About this exercise:
Beginning with the first line, please repeat the entries exactly and end on the line that contains "Definition quot_biholomorphic (R".

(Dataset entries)
>>>

(* Delta x C^2_*, embedded in C^3 as (v, z1, z2). *)
Definition Ydom (R : realType) : set 'rV[C R]_3 :=
  [set q | `|co q 0| < 1 /\ (co q 1 != 0 \/ co q 2 != 0)].

(* Orbit relation of Z acting by phi^n on the Delta factor only;
   the quotient is A x C^2_* with A = Delta / <phi>. *)
Definition Yrel (R : realType) (q q' : 'rV[C R]_3) : Prop :=
  exists n : int, [/\ co q' 0 = phi_pow n (co q 0),
                      co q' 1 = co q 1 &
                      co q' 2 = co q 2].

(* A map of representatives f : V -> W induces a well-defined map of
   quotients X/~ -> Y/~ . *)
Definition qwell_defined (R : realType) (V W : normedModType (C R))
  (X : set V) (eX : V -> V -> Prop) (Y : set W) (eY : W -> W -> Prop)
  (f : V -> W) : Prop :=
  (forall x, X x -> Y (f x)) /\
  (forall x x', X x -> X x' -> eX x x' -> eY (f x) (f x')).

(* The induced map of quotients is holomorphic: in the charts given by the
   (local biholomorphic) projections X -> X/~ and Y -> Y/~, it is locally
   represented by holomorphic maps. *)
Definition qholomorphic (R : realType) (V W : normedModType (C R))
  (X : set V) (Y : set W) (eY : W -> W -> Prop) (f : V -> W) : Prop :=
  forall x, X x -> exists g : V -> W,
    \forall y \near x, differentiable g y /\
                       (X y -> Y (g y) /\ eY (g y) (f y)).

Definition quot_biholomorphic (R : realType) (V W : normedModType (C R))
  (X : set V) (eX : V -> V -> Prop) (Y : set W) (eY : W -> W -> Prop) : Prop :=
  exists (f : V -> W) (g : W -> V),
    [/\ qwell_defined X eX Y eY f, qwell_defined Y eY X eX g,
        qholomorphic X Y eY f, qholomorphic Y X eX g &
        ((forall x, X x -> eX (g (f x)) x) /\
         (forall y, Y y -> eY (f (g y)) y))].

(* The multiplier lambda (v) := ((1 + v) / (1 - v)) ^ (ln 2 / ln 3) is
   holomorphic and nowhere zero on the unit disc, and satisfies
   lambda (phi v) = 2 lambda (v): the Cayley map conjugates phi to t |-> 3 t on
   the right half-plane, and 3 ^ (ln 2 / ln 3) = 2.  Hence
   (z, v) |-> (v, z / lambda (v)) is invariant under the Z-action
   (z, v) |-> (2 z, phi v) and descends to Omega -> A x C^2_*, with inverse
   induced by (v, w) |-> (lambda (v) w, v). *)

From mathcomp Require Import all_boot all_order all_algebra.
From mathcomp Require Import all_classical all_reals all_analysis.
From mathcomp Require Import complex.
From mathcomp Require Import ring lra.
Import numFieldNormedType.Exports.
Import Order.TTheory GRing.Theory Num.Theory.
Import Normc.
Set Implicit Arguments.
Unset Strict Implicit.
Unset Printing Implicit Defensive.
Local Open Scope ring_scope.
Local Open Scope classical_set_scope.

Section DerivativeQuotient.
Context {K : numFieldType}.
Implicit Types (f g : K -> K) (x t d : K).

Lemma is_derive1P f x d :
  is_derive x 1 f d <-> h^-1 * (f (h + x) - f x) @[h --> 0^'] --> d.
Proof.
split => [[df <-]|dfd].
  apply: cvg_trans df; apply: near_eq_cvg; near=> h.
  by rewrite /= [h%:A]mulr1.
have df : derivable f x 1.
  apply/cvg_ex; exists d; apply: cvg_trans dfd; apply: near_eq_cvg; near=> h.
  by rewrite /= [h%:A]mulr1.
split => //; apply: cvg_lim => //; apply: cvg_trans dfd.
apply: near_eq_cvg; near=> h.
by rewrite /= [h%:A]mulr1.
Unshelve. all: by end_near.
Qed.

Lemma is_derive_small_o f x d e : is_derive x 1 f d -> 0 < e ->
  \forall h \near 0, `|f (h + x) - f x - h * d| <= e * `|h|.
Proof.
move=> /is_derive1P /cvgrPdist_le /[apply]; rewrite near_withinE.
apply: filterS => h near_d; have [->|h0] := eqVneq h 0.
  by rewrite add0r subrr mul0r subr0 normr0 mulr0.
have -> : f (h + x) - f x - h * d = - ((d - h^-1 * (f (h + x) - f x)) * h).
  by field.
by rewrite normrN normrM ler_wpM2r ?near_d.
Qed.

(* Along k h := g (h + t) - g t, which tends to 0 without vanishing, the
   difference quotient of g at t is the inverse of that of f at g t. *)
Lemma is_derive_inverse_near f g t d :
  {for t, continuous g} -> (\forall s \near t, f (g s) = s) ->
  is_derive (g t) 1 f d -> d != 0 -> is_derive t 1 g d^-1.
Proof.
move=> gC fgK /is_derive1P fD d0; apply/is_derive1P.
have fgt : f (g t) = t := nbhs_singleton fgK.
have gD : g (h + t) @[h --> 0^'] --> g t := (continuous_withinNshiftx g t).2 gC.
pose k h := g (h + t) - g t.
have k0 : k @ 0^' --> 0 by have := cvgB gD (cvg_cst (g t)); rewrite subrr; apply.
have fgK0 : \forall h \near 0^', f (g (h + t)) = h + t.
  near=> h; rewrite addrC; near: h; apply: cvg_within; exact: (nbhs0P _ t).1 fgK.
have kN0 : \forall h \near 0^', k h != 0.
  near=> h; have h0 : h != 0 by near: h; exact: nbhs_dnbhs_neq.
  apply: contra_neq h0 => /subr0_eq gE; apply/(addIr t).
  by rewrite add0r -(near fgK0 h) // gE fgt.
have kD : k @ 0^' --> 0^'.
  move=> A /= A0; apply: filterS2 kN0 (k0 _ A0) => h kh0; exact.
apply: cvg_trans (cvgV d0 (cvg_comp _ _ kD fD)); apply: near_eq_cvg.
near=> h; rewrite /= /k subrK (near fgK0 h) // fgt addrK.
by rewrite invfM invrK mulrC.
Unshelve. all: by end_near.
Qed.

End DerivativeQuotient.

Lemma addr_neq0_norm_lt1 {K : numDomainType} (a v : K) :
  1 <= `|a| -> `|v| < 1 -> a + v != 0.
Proof.
move=> a1 v1; apply: contraTneq v1 => /addr0_eq <-.
by rewrite normrN -real_leNgt ?num_real.
Qed.

Lemma near_norm_lt1 {K : numFieldType} {T : topologicalType} (u : T -> K) x :
  {for x, continuous u} -> `|u x| < 1 -> \forall y \near x, `|u y| < 1.
Proof.
move=> uC ux1; have : 0 < 1 - `|u x| by rewrite subr_gt0.
move=> /(cvgr_dist_lt _ _ uC); apply: filterS => y uxy.
have := ler_normD (u y - u x) (u x); rewrite subrK distrC => /le_lt_trans; apply.
by rewrite -ltrBrDr.
Qed.

Lemma powR_ln_div (R : realType) (a b : R) :
  1 < a -> 0 < b -> a `^ (ln b / ln a) = b.
Proof.
move=> a1 b0; have a0 : 0 < a by apply: lt_trans a1.
by rewrite /powR gt_eqF // divfK ?lnK ?gt_eqF ?ln_gt0.
Qed.

Section ComplexModulus.
Context {R : realType}.
Implicit Types x y : C R.

Lemma normcE x : `|x| = (normc x)%:C%C.
Proof. by case: x. Qed.

Lemma normc_ge0 x : 0 <= normc x.
Proof. by case: x => a b; exact: sqrtr_ge0. Qed.

Lemma normc_gt0 x : x != 0 -> 0 < normc x.
Proof.
move=> x0; rewrite lt_neqAle normc_ge0 andbT eq_sym.
by apply: contra x0 => /eqP/eq0_normc ->.
Qed.

Lemma normcR (r : R) : normc r%:C%C = `|r|.
Proof. by rewrite /normc /= expr0n addr0 sqrtr_sqr. Qed.

Lemma normc_dist x y : `|normc x - normc y| <= normc (x - y).
Proof. exact: (@ler_dist_dist _ (Rcomplex R)). Qed.

Lemma normc_Re x : `|complex.Re x| <= normc x.
Proof.
case: x => a b; rewrite -sqrtr_sqr; apply: ler_wsqrtr.
by rewrite lerDl sqr_ge0.
Qed.

Lemma normc_Im x : `|complex.Im x| <= normc x.
Proof.
case: x => a b; rewrite -sqrtr_sqr; apply: ler_wsqrtr.
by rewrite lerDr sqr_ge0.
Qed.

Lemma normc_le_ReIm x : normc x <= `|complex.Re x| + `|complex.Im x|.
Proof.
case: x => a b /=; rewrite -[X in _ <= X]ger0_norm ?addr_ge0 // -sqrtr_sqr.
apply: ler_wsqrtr; rewrite -[a ^+ 2]real_normK ?num_real //.
by rewrite -[b ^+ 2]real_normK ?num_real // sqrrD -addrAC lerDl mulrn_wge0.
Qed.

Lemma Re_gt0_neq0 x : 0 < complex.Re x -> x != 0.
Proof. by apply: contraTneq => ->; rewrite ltxx. Qed.

Lemma cvgC_normcP {T} {F : set_system T} {FF : Filter F} (f : T -> C R) l :
  f @ F --> l <-> forall e, 0 < e -> \forall s \near F, normc (l - f s) < e.
Proof.
rewrite cvgrPdist_lt; split => [fl e e0|fl e].
  by apply: filterS (fl e%:C%C _) => [s|]; rewrite ?normcE ltcR.
case: e => a b; rewrite ltcE /= => /andP[/eqP-> a0].
by apply: filterS (fl a a0) => s; rewrite normcE ltcR.
Qed.

Lemma normc_lipschitz_continuous (u : C R -> R) :
  (forall x y, `|u x - u y| <= normc (x - y)) -> continuous u.
Proof.
move=> u_lip x; apply/(cvgrPdist_lt (FF := nbhs_filter x)) => e e0.
have /(cvgC_normcP (FF := nbhs_filter x))/(_ e e0) := @cvg_id _ (nbhs x).
by apply: filterS => y /(le_lt_trans (u_lip x y)).
Qed.

Lemma continuous_Re : continuous (fun x : C R => complex.Re x).
Proof.
by apply: normc_lipschitz_continuous => x y; rewrite -raddfB; exact: normc_Re.
Qed.

Lemma continuous_Im : continuous (fun x : C R => complex.Im x).
Proof.
by apply: normc_lipschitz_continuous => x y; rewrite -raddfB; exact: normc_Im.
Qed.

Lemma continuous_normc : continuous (fun x : C R => normc x).
Proof. exact: normc_lipschitz_continuous normc_dist. Qed.

Lemma near0_ReIm (P : R -> Prop) : (\forall r \near 0, P r) ->
  \forall h \near (0 : C R), P (complex.Re h) /\ P (complex.Im h).
Proof.
move=> P0; near=> h; split; near: h.
- exact: (@continuous_Re 0 _ P0).
- exact: (@continuous_Im 0 _ P0).
Unshelve. all: by end_near.
Qed.

Lemma cvg_complex {T} {F : set_system T} {FF : Filter F} (u v : T -> R) a b :
  u @ F --> a -> v @ F --> b ->
  (u s +i* v s)%C @[s --> F] --> ((a +i* b)%C : C R).
Proof.
move=> /cvgrPdist_lt ua /cvgrPdist_lt vb; apply/cvgC_normcP => e e0.
have e20 : 0 < e / 2 by rewrite divr_gt0.
apply: filterS2 (ua _ e20) (vb _ e20) => s uas vbs.
by apply: le_lt_trans (normc_le_ReIm _) _; rewrite /=; lra.
Qed.

End ComplexModulus.

Section ComplexExp.
Context {R : realType}.
Implicit Types z w h : C R.

Definition expC z : C R :=
  ((expR (complex.Re z) * cos (complex.Im z)) +i*
   (expR (complex.Re z) * sin (complex.Im z)))%C.

Lemma expCD z w : expC (z + w) = expC z * expC w.
Proof.
case: z => a b; case: w => c d; rewrite /expC /= expRD cosD sinD.
by apply/eqP; rewrite eq_complex /=; apply/andP; split; apply/eqP; ring.
Qed.

Lemma expC_real (a : R) : expC a%:C%C = (expR a)%:C%C.
Proof. by rewrite /expC /= cos0 sin0 mulr1 mulr0. Qed.

Lemma expC0 : expC 0 = 1.
Proof. by have := expC_real 0; rewrite expR0. Qed.

Lemma expC_neq0 z : expC z != 0.
Proof.
apply: contra_neq (@oner_neq0 (C R)) => ez0.
by rewrite -expC0 -{1}(subrr z) expCD ez0 mul0r.
Qed.

Lemma normc_expC_sub1_le h (a := complex.Re h) (b := complex.Im h) :
  normc (expC h - 1 - h) <= `|expR a - 1 - a|
    + expR a * (`|cos b - 1| + `|sin b - b|) + `|expR a - 1| * `|b|.
Proof.
apply: le_trans (normc_le_ReIm _) _; case: h @a @b => a b /=; simpc => /=.
have -> : expR a * cos b - 1 - a = expR a - 1 - a + expR a * (cos b - 1) by ring.
have -> : expR a * sin b - b = expR a * (sin b - b) + (expR a - 1) * b by ring.
apply: le_trans (lerD (ler_normD _ _) (ler_normD _ _)) _.
by rewrite !normrM (ger0_norm (expR_ge0 a)) mulrDr; lra.
Qed.

Lemma near0_expR_cos_sin (e : R) : 0 < e -> \forall r \near 0,
  [/\ `|expR r - 1 - r| <= e * `|r|, `|cos r - 1| <= e * `|r|,
      `|sin r - r| <= e * `|r|, `|expR r - 1| <= e & `|expR r - 1| <= 1].
Proof.
move=> e0; have ltexp : \forall r \near 0, `|expR r - 1 - r| <= e * `|r|.
  apply: filterS (is_derive_small_o (is_derive_expR 0) e0) => r.
  by rewrite addr0 expR0 mulr1.
have ltcos : \forall r \near 0, `|cos r - 1| <= e * `|r|.
  apply: filterS (is_derive_small_o (is_derive_cos 0) e0) => r.
  by rewrite addr0 cos0 sin0 oppr0 mulr0 subr0.
have ltsin : \forall r \near 0, `|sin r - r| <= e * `|r|.
  apply: filterS (is_derive_small_o (is_derive_sin 0) e0) => r.
  by rewrite addr0 sin0 cos0 mulr1 subr0.
have exp_near := cvgr_dist_le _ _ (@continuous_expR R 0).
near=> r; split; [exact: (near ltexp r) | exact: (near ltcos r) |
                  exact: (near ltsin r) | |];
  by rewrite distrC -expR0; near: r; exact: exp_near.
Unshelve. all: by end_near.
Qed.

Lemma expC_sub1_small e : 0 < e ->
  \forall h \near (0 : C R), normc (expC h - 1 - h) <= e * normc h.
Proof.
(* Near 0, normc_expC_sub1_le bounds the error by e' |Re h| + 5 e' |Im h|. *)
move=> e0; pose e' := e / 6; have e'0 : 0 < e' by rewrite divr_gt0.
have /near0_ReIm := near0_expR_cos_sin e'0.
apply: filterS => h [[ea _ _ eaD ea1] [_ cb sb _ _]].
apply: le_trans (normc_expC_sub1_le h) _.
set a := complex.Re h; set b := complex.Im h; set N := normc h.
have [aN bN] : `|a| <= N /\ `|b| <= N.
  by split; [exact: normc_Re | exact: normc_Im].
have ea2 : expR a <= 2 by move: ea1; rewrite ler_norml; lra.
have cosin :
    expR a * (`|cos b - 1| + `|sin b - b|) <= 2 * (e' * `|b| + e' * `|b|).
  by apply: ler_pM; rewrite ?addr_ge0 ?expR_ge0 ?lerD.
have expb : `|expR a - 1| * `|b| <= e' * `|b| by rewrite ler_wpM2r.
have e'a : e' * `|a| <= e' * N by rewrite ler_wpM2l // ltW.
have e'b : e' * `|b| <= e' * N by rewrite ler_wpM2l // ltW.
rewrite [e](_ : _ = 6 * e'); last by rewrite /e' mulrC divfK.
lra.
Qed.

Lemma cvg_expC_quotient : h^-1 * (expC h - 1) @[h --> 0^'] --> (1 : C R).
Proof.
apply/cvgC_normcP => e e0; have e20 : 0 < e / 2 by rewrite divr_gt0.
near=> h; have h0 : h != 0 by near: h; exact: nbhs_dnbhs_neq.
have -> : 1 - h^-1 * (expC h - 1) = - (h^-1 * (expC h - 1 - h)) by field.
have hN := normc_gt0 h0.
rewrite normcN normcM normcV mulrC ltr_pdivrMr //.
apply: le_lt_trans (_ : _ <= e / 2 * normc h) _.
  by near: h; exact: (nbhs_dnbhs (expC_sub1_small e20)).
by rewrite ltr_pM2r //; lra.
Unshelve. all: by end_near.
Qed.

Lemma is_derive_expC z : is_derive z 1 expC (expC z).
Proof.
apply/is_derive1P.
have -> : (fun h => h^-1 * (expC (h + z) - expC z)) =
          (fun h => expC z * (h^-1 * (expC h - 1))).
  by apply/funext => h; rewrite expCD; ring.
have := cvgM (cvg_cst (expC z)) cvg_expC_quotient.
by rewrite mulr1; apply; exact: dnbhs_filter.
Qed.

End ComplexExp.

Section ComplexLog.
Context {R : realType}.
Implicit Types t : C R.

<<<

Answer box:
(* Delta x C^2_*, embedded in C^3 as (v, z1, z2). *)
Definition Ydom (R : realType) : set 'rV[C R]_3 :=
  [set q | `|co q 0| < 1 /\ (co q 1 != 0 \/ co q 2 != 0)].

(* Orbit relation of Z acting by phi^n on the Delta factor only;
   the quotient is A x C^2_* with A = Delta / <phi>. *)
Definition Yrel (R : realType) (q q' : 'rV[C R]_3) : Prop :=
  exists n : int, [/\ co q' 0 = phi_pow n (co q 0),
                      co q' 1 = co q 1 &
                      co q' 2 = co q 2].

(* A map of representatives f : V -> W induces a well-defined map of
   quotients X/~ -> Y/~ . *)
Definition qwell_defined (R : realType) (V W : normedModType (C R))
  (X : set V) (eX : V -> V -> Prop) (Y : set W) (eY : W -> W -> Prop)
  (f : V -> W) : Prop :=
  (forall x, X x -> Y (f x)) /\
  (forall x x', X x -> X x' -> eX x x' -> eY (f x) (f x')).

(* The induced map of quotients is holomorphic: in the charts given by the
   (local biholomorphic) projections X -> X/~ and Y -> Y/~, it is locally
   represented by holomorphic maps. *)
Definition qholomorphic (R : realType) (V W : normedModType (C R))
  (X : set V) (Y : set W) (eY : W -> W -> Prop) (f : V -> W) : Prop :=
  forall x, X x -> exists g : V -> W,
    \forall y \near x, differentiable g y /\
                       (X y -> Y (g y) /\ eY (g y) (f y)).

Definition quot_biholomorphic (R : realType) (V W : normedModType (C R))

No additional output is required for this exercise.